- **ENTRIES SHOWN**:

Lemma reflect_dir_norm2 m w :
  rsum (S m) (fun k => reflect_dir m w k * reflect_dir m w k) =
  rsum (S m) (fun k => w k * w k) - 2 * w m + 1.
Proof.
  unfold reflect_dir.
  transitivity (rsum (S m) (fun k => w k * w k) - 2 * rsum (S m) (fun k => w k * idm k m)
                + rsum (S m) (fun k => 1 * idm k m)).
  - rewrite <- rsum_scal_l, <- rsum_minus, <- rsum_plus. apply rsum_ext; intros k _.
    unfold idm. destruct (Nat.eqb k m); ring.
  - unfold idm. rewrite (rsum_delta_r (S m) w m), (rsum_delta_r (S m) (fun _ => 1) m) by lia.
    ring.
Qed.

Lemma householder_col m w : rsum (S m) (fun i => w i * w i) = 1 ->
  forall i, (i < S m)%nat -> householder m w i m = w i.
Proof.
  intros Hw i Hi. unfold householder, reflect_dir.
  assert (Hmm : idm m m = 1) by (unfold idm; rewrite Nat.eqb_refl; auto).
  destruct Req_dec_T as [E|E].
  - simpl in Hw. rewrite E, Rmult_1_l in Hw.
    destruct (Nat.eq_dec i m) as [->|Hne]; [rewrite Hmm, E; auto|].
    pose proof (rsum_nonneg_eq0 m (fun k => w k * w k) (fun k _ => Rle_0_sqr (w k)) ltac:(lra) i ltac:(lia)) as Hz.
    unfold idm. destruct (Nat.eqb_spec i m); [lia|].
    apply Rmult_integral in Hz. destruct Hz; auto.
  - rewrite Hmm. field. lra.
Qed.

Lemma householder_invol m w : rsum (S m) (fun i => w i * w i) = 1 ->
  meq (S m) (mmul (S m) (householder m w) (householder m w)) idm.
Proof.
  intros Hw i j Hi Hj. unfold householder. destruct Req_dec_T as [E|E].
  - apply mmul_idl; auto.
  - set (d := reflect_dir m w). set (c := 1 - w m). unfold mmul.
    transitivity (rsum (S m) (fun k => idm i k * idm k j)
       - d i / c * rsum (S m) (fun k => d k * idm k j)
       - d j / c * rsum (S m) (fun k => idm i k * d k)
       + d i * d j / (c * c) * rsum (S m) (fun k => d k * d k)).
    + rewrite <- !rsum_scal_l, <- rsum_minus, <- rsum_minus, <- rsum_plus.
      apply rsum_ext; intros k _. field. unfold c; lra.
    + unfold d. rewrite reflect_dir_norm2, Hw.
      rewrite (rsum_idm_l (S m) (fun k => idm k j) i) by auto.
      rewrite (rsum_idm_r (S m) (reflect_dir m w) j) by auto.
      rewrite (rsum_idm_l (S m) (reflect_dir m w) i) by auto.
      unfold c. field. lra.
Qed.

Definition mx_ext1 (m : nat) (V : mat) : mat := fun i j =>
  if Nat.ltb i m then (if Nat.ltb j m then V i j else 0) else idm i j.
Definition vec_ext1 (m : nat) (mu : nat -> R) (al : R) : nat -> R := fun k =>
  if Nat.ltb k m then mu k else al.

Lemma mx_ext1_orth m V : is_orth m V -> is_orth (S m) (mx_ext1 m V).
Proof.
  intros HV i j Hi Hj. simpl rsum.
  unfold mx_ext1 at 3 4. rewrite Nat.ltb_irrefl.
  rewrite (rsum_ext m _ (fun k => (if Nat.ltb i m then V k i else 0) *
                                  (if Nat.ltb j m then V k j else 0))).
  2:{ intros k Hk. unfold mx_ext1. apply Nat.ltb_lt in Hk. rewrite Hk. auto. }
  unfold idm.
  destruct (Nat.ltb_spec i m); destruct (Nat.ltb_spec j m).
  - rewrite HV by auto. destruct (Nat.eqb_spec m i); [lia|]. ring.
  - assert (j = m) as -> by lia.
    rewrite rsum_ext0 by (intros; ring). rewrite Nat.eqb_refl.
    destruct (Nat.eqb_spec m i); [lia|]. destruct (Nat.eqb_spec i m); [lia|]. ring.
  - assert (i = m) as -> by lia.
    rewrite rsum_ext0 by (intros; ring). rewrite Nat.eqb_refl.
    destruct (Nat.eqb_spec m j); [lia|]. ring.
  - assert (i = m) as -> by lia. assert (j = m) as -> by lia.
    rewrite rsum_ext0 by (intros; ring). rewrite Nat.eqb_refl. ring.
Qed.

Lemma mx_ext1_eigdec m A V mu al : is_eigdec m A V mu ->
  (forall i, (i < S m)%nat -> A i m = al * idm i m) ->
  (forall j, (j < S m)%nat -> A m j = al * idm m j) ->
  is_eigdec (S m) A (mx_ext1 m V) (vec_ext1 m mu al).
Proof.
  intros HV Hc Hr i j Hi Hj. simpl rsum.
  unfold mx_ext1 at 3 4, vec_ext1 at 2. rewrite Nat.ltb_irrefl.
  rewrite (rsum_ext m _ (fun k => (if Nat.ltb i m then V i k else 0) * mu k *
                                  (if Nat.ltb j m then V j k else 0))).
  2:{ intros k Hk. unfold mx_ext1, vec_ext1. assert (Hk' := Hk). apply Nat.ltb_lt in Hk'.
      rewrite Hk'.
      destruct (Nat.ltb_spec i m); destruct (Nat.ltb_spec j m); unfold idm;
      repeat match goal with |- context [Nat.eqb ?a ?b] => destruct (Nat.eqb_spec a b) end;
      try lia; ring. }
  unfold idm.
  destruct (Nat.ltb_spec i m); destruct (Nat.ltb_spec j m).
  - rewrite HV by auto. destruct (Nat.eqb_spec i m); [lia|]. ring.
  - assert (j = m) as -> by lia. rewrite Hc by auto. unfold idm.
    rewrite rsum_ext0 by (intros; ring).
    destruct (Nat.eqb_spec i m); [lia|]. ring.
  - assert (i = m) as -> by lia. rewrite Hr by auto. unfold idm.
    rewrite rsum_ext0 by (intros; ring).
    rewrite Nat.eqb_refl. destruct (Nat.eqb_spec m j); [lia|]. ring.
  - assert (i = m) as -> by lia. assert (j = m) as -> by lia. rewrite Hc by auto. unfold idm.
    rewrite rsum_ext0 by (intros; ring). rewrite Nat.eqb_refl. ring.
Qed.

- **PROBLEM DESCRIPTION**:
In the records above, find each line with the word "else" and copy it.

- **SOLUTION BELOW**:
  if Nat.ltb i m then (if Nat.ltb j m then V i j else 0) else idm i j.
  if Nat.ltb k m then mu k else al.
  rewrite (rsum_ext m _ (fun k => (if Nat.ltb i m then V k i else 0) *
                                  (if Nat.ltb j m then V k j else 0))).
  rewrite (rsum_ext m _ (fun k => (if Nat.ltb i m then V i k else 0) * mu k *
                                  (if Nat.ltb j m then V j k else 0))).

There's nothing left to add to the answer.